- **WHAT YOU HAVE TO DO**
Transcribe word for word the lines below from the line with "have d_gt2 : 2 < d by lia." through the line with "have card_Gi : (d", ends included.

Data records
(* Let $G$ be $\mathrm{Sym}(d)$ or $\mathrm{Alt}(d)$ for some $d\ge 2$, acting naturally on $X=\{1,\dots,d\}$. Then the natural action does not extend properly to a $2$-by-block-transitive action: there is no $G$-set $\Omega$ with a $G$-equivariant surjection $\Omega\to X$ whose fibres have size at least $2$ such that $G$ acts transitively on ordered pairs of points of $\Omega$ lying in distinct fibres. *)

From mathcomp Require Import all_boot all_order all_fingroup all_solvable.
Set Implicit Arguments. Unset Strict Implicit. Unset Printing Implicit Defensive.
Local Open Scope group_scope.

Definition is_G_action (d : nat) (G : {group {perm 'I_d}}) (Omega : Type)
  (to : Omega -> {perm 'I_d} -> Omega) : Prop :=
  (forall x, to x 1 = x) /\
  (forall x g h, g \in G -> h \in G -> to x (g * h) = to (to x g) h).

Definition proper_2_by_block_transitive_extension (d : nat)
  (G : {group {perm 'I_d}}) (Omega : Type)
  (to : Omega -> {perm 'I_d} -> Omega) (pi : Omega -> 'I_d) : Prop :=
  [/\ is_G_action G to,
      (forall x g, g \in G -> pi (to x g) = g (pi x)),
      (forall i : 'I_d, exists x y : Omega, [/\ x <> y, pi x = i & pi y = i])
      & (forall x y x' y' : Omega, pi x <> pi y -> pi x' <> pi y' ->
           exists2 g, g \in G & to x g = x' /\ to y g = y')].

(* Let i != j, let x lie over i, and let c in G send j to i.  Transitivity on
   pairs in distinct fibres lets the pointwise stabiliser G_ij of {i, j} move
   any point over i to any other while fixing a point z over j; hence every
   point over i is z.(c^a) for some a in G_ij, and the index of the stabiliser
   G_x in G_i is at most the size of the G_ij-conjugacy class of c.  Since
   fibres have two points this index exceeds 1.
   - Sym(d): c = (i j) is centralised by G_ij, a contradiction.
   - Alt(d), d >= 6: for a 3-cycle c the index is at most d - 2, but the
     simple group G_i = Alt(d-1) cannot act faithfully on so few cosets.
   - Alt(d), d <= 5: G_ij has order at most 3, yet G_ij :&: G_x is a
     nontrivial proper subgroup of it. *)

From mathcomp Require Import all_boot all_order all_fingroup all_solvable.
From mathcomp Require Import boolp zify.
Set Implicit Arguments. Unset Strict Implicit. Unset Printing Implicit Defensive.
Local Open Scope group_scope.

Lemma simple_card_le_fact_index (gT : finGroupType) (G S : {group gT}) :
  simple G -> S \proper G -> #|G| <= #|G : S|`!.
Proof.
move=> simG /andP[sSG nsGS].
have nRG := actsRs_rcosets S G.
have ffulG : [faithful G, on rcosets S G | 'Rs].
  rewrite /faithful astabRs_rcosets.
  have /simpleP[_ /(_ _ (gcore_normal sSG))[core1|coreG]] := simG.
    by rewrite core1 subsetIr.
  by case/negP: nsGS; rewrite -coreG gcore_sub.
rewrite (isom_card (faithful_isom nRG ffulG)) -card_perm.
apply/subset_leq_card/subsetP => _ /morphimP[a _ Ga ->].
apply/subsetP => C; rewrite inE actpermE /= /actby.
by case: (C \in _) => //=; rewrite eqxx.
Qed.

Lemma even_perm_on_id (T : finType) (U : {set T}) (p : {perm T}) :
  #|U| <= 2 -> perm_on U p -> ~~ odd_perm p -> p = 1.
Proof.
move=> U2 onU even_p.
have [x /= px_x|fix_p] := pickP [pred x | p x != x]; last first.
  by apply/permP => x; rewrite perm1; apply/eqP/negbFE/fix_p.
have Ux : x \in U by apply: (subsetP onU); rewrite inE.
have Upx : p x \in U by rewrite (perm_closed _ onU).
pose q : {perm T} := p * tperm x (p x).
have qx : q x = x by rewrite permM tpermR.
have onUq : perm_on U q.
  apply: perm_onM onU (subset_trans (tperm_on _ _) _).
  by apply/subsetP => y /set2P[]->.
have onUxq : perm_on (U :\ x) q.
  apply/subsetP => y qy; rewrite !inE (subsetP onUq _ qy) andbT.
  by apply: contraTneq qy => ->; rewrite inE /= qx eqxx.
have q1 : q = 1.
  apply: (perm_on_id onUxq).
  by move: U2; rewrite (cardsD1 x) Ux.
have p_tperm : p = tperm x (p x).
  by rewrite -{1}[p](mulgK (tperm x (p x))) -/q q1 mul1g tpermV.
by move: even_p; rewrite p_tperm odd_tperm eq_sym px_x.
Qed.

Lemma perm_on_astab (T : finType) (S : {set T}) (p : {perm T}) :
  p \in 'C(S | 'P) -> perm_on (~: S) p.
Proof.
by move=> /astabP fixS; apply/subsetP => y; rewrite !inE; apply: contra => /fixS /eqP.
Qed.

Lemma stab2P (T : finType) (A : {set {perm T}}) (i j : T) (p : {perm T}) :
  reflect [/\ p \in A, p i = i & p j = j] (p \in 'C_A([set i; j] | 'P)).
Proof.
rewrite inE; apply: (iffP andP) => [[Ap /astabP fixij]|[Ap pi pj]].
  by split=> //; apply: fixij; rewrite !inE eqxx ?orbT.
by split=> //; apply/astabP => y /set2P[]->.
Qed.

Lemma tperm_cent_stab2 (T : finType) (A : {set {perm T}}) (i j : T) :
  tperm i j \in 'C('C_A([set i; j] | 'P)).
Proof. by apply/centP => a /stab2P[_ ai aj]; rewrite /commute conjgC tpermJ ai aj. Qed.

Lemma card_class_3cycle_stab2 (T : finType) (A : {set {perm T}}) (i j k : T) :
  i != j -> k \notin [set i; j] ->
  #|(tperm i j * tperm j k) ^: 'C_A([set i; j] | 'P)| <= #|T| - 2.
Proof.
move=> ij kij; rewrite -(cardsC [set i; j]) cards2 ij addKn.
apply: leq_trans (subset_leq_card _) (leq_imset_card (fun m => tperm i j * tperm j m) _).
apply/subsetP => _ /imsetP[a /stab2P[_ ai aj] ->]; apply/imsetP; exists (a k).
  by move: kij; rewrite !inE -(inj_eq (@perm_inj _ a)) ai -[k == j](inj_eq (@perm_inj _ a)) aj.
by rewrite conjMg !tpermJ ai aj.
Qed.

Lemma Alt_astab_trivial (T : finType) (S : {set T}) :
  #|T| <= #|S| + 2 -> 'C_('Alt_T)(S | 'P) = 1.
Proof.
move=> TS; apply/trivgP/subsetP => p /setIP[Alt_p fixS]; rewrite inE; apply/eqP.
apply: (even_perm_on_id _ (perm_on_astab fixS)); last by rewrite -Alt_even.
by have := cardsC S; lia.
Qed.

Lemma card_Alt_stab2_le3 (T : finType) (i j : T) :
  i != j -> #|T| <= 5 -> #|'C_('Alt_T)([set i; j] | 'P)| <= 3.
Proof.
move=> ij T5; have card_ij : #|[set i; j]| = 2 by rewrite cards2 ij.
have [ij_all|[k kij]] := set_0Vmem (~: [set i; j]).
  rewrite Alt_astab_trivial ?cards1 //.
  by have := cardsC [set i; j]; rewrite ij_all cards0; lia.
have card_ijk : #|[set i; j; k]| = 3.
  by move: kij; rewrite inE (setUC [set i; j]) cardsU1 cards2 ij => ->.
apply: leq_trans (_ : #|~: [set i; j]| <= 3); last by have := cardsC [set i; j]; lia.
rewrite -(@card_in_imset _ _ (fun p : {perm T} => p k)); last first.
  move=> p q /stab2P[Alt_p pi pj] /stab2P[Alt_q qi qj] pk_qk.
  apply/eqP; rewrite eq_mulgV1.
  have : p * q^-1 \in 'C_('Alt_T)([set i; j; k] | 'P).
    apply/setIP; split; first by rewrite groupM ?groupV.
    apply/astabP => y /=; rewrite !inE -orbA apermE permM => /or3P[]/eqP->.
    - by rewrite pi; exact: (canLR (permK q) (esym qi)).
    - by rewrite pj; exact: (canLR (permK q) (esym qj)).
    - by rewrite pk_qk; exact: (canLR (permK q) erefl).
  by rewrite Alt_astab_trivial ?card_ijk // => /set1P/eqP.
apply/subset_leq_card/subsetP => _ /imsetP[p /stab2P[_ pi pj] ->].
by move: kij; rewrite !inE -(inj_eq (@perm_inj _ p)) pi -[k == j](inj_eq (@perm_inj _ p)) pj.
Qed.

Lemma simple_Alt_stab1 (T : finType) (i : T) :
  5 < #|T| -> simple 'C_('Alt_T)[i | 'P].
Proof.
by move=> T6; rewrite (isog_simple (rfd_iso i)); apply: simple_Alt5; rewrite card_sig cardC1; lia.
Qed.

Lemma card_Alt_stab1_gt (T : finType) (i : T) :
  3 < #|T| -> (#|T| - 2)`! < #|'C_('Alt_T)[i | 'P]|.
Proof.
move=> T4; have := card_Alt (T := {y | y != i}).
rewrite -(card_isog (rfd_iso i)) card_sig cardC1 => /(_ ltac:(lia)).
have -> : #|T|.-1 = (#|T| - 2).+1 by lia.
rewrite factS => card_stab.
by rewrite -(ltn_pmul2l (isT : 0 < 2)) card_stab ltn_pmul2r ?fact_gt0 //; lia.
Qed.

Section ProperTwoByBlockTransitiveExtension.

Variables (d : nat) (G : {group {perm 'I_d}}) (Omega : Type).
Variables (to : Omega -> {perm 'I_d} -> Omega) (pi : Omega -> 'I_d).
Hypothesis ext : proper_2_by_block_transitive_extension G to pi.

Let act1 x : to x 1 = x.
Proof. by case: ext => [[]]. Qed.

Let actM x g h : g \in G -> h \in G -> to x (g * h) = to (to x g) h.
Proof. by case: ext => [[_ actM]] *; apply: actM. Qed.

Let actK x g : g \in G -> to (to x g) g^-1 = x.
Proof. by move=> Gg; rewrite -actM ?groupV // mulgV act1. Qed.

Let pi_act x g : g \in G -> pi (to x g) = g (pi x).
Proof. by case: ext => _ pi_act *; apply: pi_act. Qed.

Let fibre_other i x : exists2 x', pi x' = i & x' <> x.
Proof.
case: ext => _ _ /(_ i)[x1 [x2 [x12 x1i x2i]]] _.
have [x1x|] := pselect (x1 = x); last by exists x1.
by exists x2 => // x2x; apply: x12; rewrite x1x x2x.
Qed.

Let fibre_pt i : exists x, pi x = i.
Proof. by case: ext => _ _ /(_ i)[x [_ [_ xi _]]] _; exists x. Qed.

Let trans2 x y x' y' : pi x != pi y -> pi x' != pi y' ->
  exists2 g, g \in G & to x g = x' /\ to y g = y'.
Proof. by case: ext => _ _ _ trans2 /eqP xy /eqP x'y'; apply: trans2. Qed.

(* Omega has no decidable equality, so membership is decided classically. *)
Definition ext_stab x : {set {perm 'I_d}} := [set g in G | `[< to x g = x >]].

Lemma ext_stabP x g : reflect (g \in G /\ to x g = x) (g \in ext_stab x).
Proof. by rewrite inE; apply: (iffP andP) => -[Gg /asboolP]. Qed.

Lemma ext_stab_group_set x : group_set (ext_stab x).
Proof.
apply/group_setP; split=> [|g h /ext_stabP[Gg xg] /ext_stabP[Gh xh]].
  by apply/ext_stabP; rewrite group1 act1.
by apply/ext_stabP; rewrite groupM // actM // xg xh.
Qed.

Canonical ext_stab_group x := Group (ext_stab_group_set x).

Lemma ext_fix_move i j x y : i != j -> pi x = i -> pi y = j ->
  exists2 h, h \in 'C_G([set i; j] | 'P) & to y h = y /\ to x h <> x.
Proof.
move=> ij xi yj; have [x' x'i x'x] := fibre_other i x.
have := trans2 (x := x) (y := y) (x' := x') (y' := y).
rewrite xi yj x'i => /(_ ij ij)[h Gh [xh yh]].
exists h; last by split=> // xhx; apply: x'x; rewrite -xh.
by apply/stab2P; rewrite -{1}xi -{1}yj -!pi_act // xh yh x'i.
Qed.

Lemma ext_fibre_conj i j z c w : i != j -> pi z = j -> c \in G -> c j = i ->
  pi w = i -> exists2 a, a \in 'C_G([set i; j] | 'P) & w = to z (c ^ a).
Proof.
move=> ij zj Gc cj wi; have zci : pi (to z c) = i by rewrite pi_act // zj.
have := trans2 (x := z) (y := to z c) (x' := z) (y' := w).
rewrite zj zci wi eq_sym => /(_ ij ij)[a Ga [za zca]].
exists a; first by apply/stab2P; rewrite -{1}zci -{1}zj -!pi_act // za zca wi.
by rewrite /conjg !actM ?groupV ?groupM // -{1}za (actK z Ga).
Qed.

Lemma ext_index_stab_le_class i j x c : i != j -> pi x = i -> c \in G -> c j = i ->
  #|'C_G[i | 'P] : ext_stab x| <= #|c ^: 'C_G([set i; j] | 'P)|.
Proof.
move=> ij xi Gc cj; have Gc' : c^-1 \in G by rewrite groupV.
have zj : pi (to x c^-1) = j by rewrite pi_act // xi -cj permK.
apply: leq_trans (leq_imset_card (fun y => ext_stab x :* (c^-1 * y)) _).
apply/subset_leq_card/subsetP => _ /imsetP[g /setIP[Gg /astab1P gi] ->].
have wi : pi (to x g) = i by rewrite pi_act // xi.
have [a Ha w_ca] := ext_fibre_conj ij zj Gc cj wi; have /stab2P[Ga _ _] := Ha.
have Gca : c^-1 * c ^ a \in G by rewrite groupM ?groupJ.
have x_ca : to x (c^-1 * c ^ a) = to x g by rewrite actM ?groupJ // -w_ca.
apply/imsetP; exists (c ^ a); first exact: memJ_class.
rewrite rcosetE; apply/rcoset_eqP; rewrite mem_rcoset; apply/ext_stabP.
by rewrite groupM ?groupV // actM ?groupV // -x_ca (actK x Gca).
Qed.

Lemma ext_stab1_not_sub i j x :
  i != j -> pi x = i -> ~~ ('C_G[i | 'P] \subset ext_stab x).
Proof.
move=> ij xi; have [y yj] := fibre_pt j.
have [h /stab2P[Gh hi _] [_ xh]] := ext_fix_move ij xi yj.
apply/subsetPn; exists h; first by apply/setIP; split; last exact/astab1P.
by apply/ext_stabP => -[].
Qed.

Lemma ext_class_gt1 i j c : i != j -> c \in G -> c j = i ->
  1 < #|c ^: 'C_G([set i; j] | 'P)|.
Proof.
move=> ij Gc cj; have [x xi] := fibre_pt i.
apply: leq_trans (ext_index_stab_le_class ij xi Gc cj).
by rewrite indexg_gt1 (ext_stab1_not_sub ij xi).
Qed.

Lemma ext_no_tperm i j : i != j -> tperm i j \notin G.
Proof.
move=> ij; apply/negP => Gt; have := ext_class_gt1 ij Gt (tpermR i j).
by rewrite (cent_classP _ _ (tperm_cent_stab2 _ _ _)) cards1.
Qed.

Lemma ext_card_stab2_ge4 i j : i != j -> 4 <= #|'C_G([set i; j] | 'P)|.
Proof.
move=> ij; have [x xi] := fibre_pt i; have [y yj] := fibre_pt j.
set H := 'C_G([set i; j] | 'P); set A := (H :&: ext_stab x)%G.
have A_gt1 : 1 < #|A|.
  have ji : j != i by rewrite eq_sym.
  have [h Hh [xh yh]] := ext_fix_move ji yj xi; rewrite setUC in Hh.
  rewrite cardG_gt1; apply/trivgPn; exists h.
    by apply/setIP; split=> //; apply/ext_stabP; split=> //; case/stab2P: Hh.
  by apply/eqP => h1; apply: yh; rewrite h1 act1.
have index_gt1 : 1 < #|H : A|.
  have [h Hh [_ xh]] := ext_fix_move ij xi yj.
  rewrite indexg_gt1; apply/subsetPn; exists h => //.
  by apply/negP => /setIP[_ /ext_stabP[_ /xh]].
by rewrite -(Lagrange (subsetIl H (ext_stab x))) (leq_mul A_gt1 index_gt1).
Qed.

Lemma ext_simple_stab1_card i j c : i != j -> c \in G -> c j = i ->
  simple 'C_G[i | 'P] -> #|'C_G[i | 'P]| <= #|c ^: 'C_G([set i; j] | 'P)|`!.
Proof.
move=> ij Gc cj simGi; have [x xi] := fibre_pt i.
have proper_S : 'C_G[i | 'P] :&: ext_stab x \proper 'C_G[i | 'P].
  by rewrite properE subsetIl subsetI subxx (ext_stab1_not_sub ij xi).
apply: leq_trans (simple_card_le_fact_index simGi proper_S) (leq_fact _).
by rewrite indexgI; apply: ext_index_stab_le_class.
Qed.

End ProperTwoByBlockTransitiveExtension.

Theorem corollary3p6 (d : nat) (G : {group {perm 'I_d}}) :
  1 < d ->
  (G :=: ('Sym_('I_d))%g \/ G :=: ('Alt_('I_d))%g) ->
  ~ exists (Omega : Type) (to : Omega -> {perm 'I_d} -> Omega)
           (pi : Omega -> 'I_d),
      proper_2_by_block_transitive_extension G to pi.
Proof.
move=> d_gt1 Sym_or_Alt [Omega [to [pi ext]]].
pose i : 'I_d := Ordinal (ltnW d_gt1); pose j : 'I_d := Ordinal d_gt1.
have ij : i != j by [].
have [G_Sym|G_Alt] := Sym_or_Alt.
  by case/negP: (ext_no_tperm ext ij); rewrite G_Sym inE.
have [d_le5|d_gt5] := leqP d 5.
  have := ext_card_stab2_ge4 ext ij.
  by rewrite G_Alt leqNgt ltnS card_Alt_stab2_le3 ?card_ord.
have d_gt2 : 2 < d by lia.
pose k : 'I_d := Ordinal d_gt2; pose c := tperm i j * tperm j k.
have Gc : c \in G by rewrite G_Alt Alt_even odd_permM !odd_tperm.
have cj : c j = i by rewrite permM tpermR tpermD.
have kij : k \notin [set i; j] by rewrite !inE.
have simple_Gi : simple 'C_G[i | 'P] by rewrite G_Alt simple_Alt_stab1 ?card_ord.
have card_Gi : (d - 2)`! < #|'C_G[i | 'P]|.
  by have := card_Alt_stab1_gt i; rewrite G_Alt card_ord; apply; lia.
have card_class : #|c ^: 'C_G([set i; j] | 'P)| <= d - 2.
  by have := card_class_3cycle_stab2 G ij kij; rewrite card_ord.
have := ext_simple_stab1_card ext ij Gc cj simple_Gi.
by rewrite leqNgt (leq_ltn_trans (leq_fact card_class) card_Gi).
Qed.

- **SOLUTION FOR THIS EXERCISE**
have d_gt2 : 2 < d by lia.
pose k : 'I_d := Ordinal d_gt2; pose c := tperm i j * tperm j k.
have Gc : c \in G by rewrite G_Alt Alt_even odd_permM !odd_tperm.
have cj : c j = i by rewrite permM tpermR tpermD.
have kij : k \notin [set i; j] by rewrite !inE.
have simple_Gi : simple 'C_G[i | 'P] by rewrite G_Alt simple_Alt_stab1 ?card_ord.
have card_Gi : (d - 2)`! < #|'C_G[i | 'P]|.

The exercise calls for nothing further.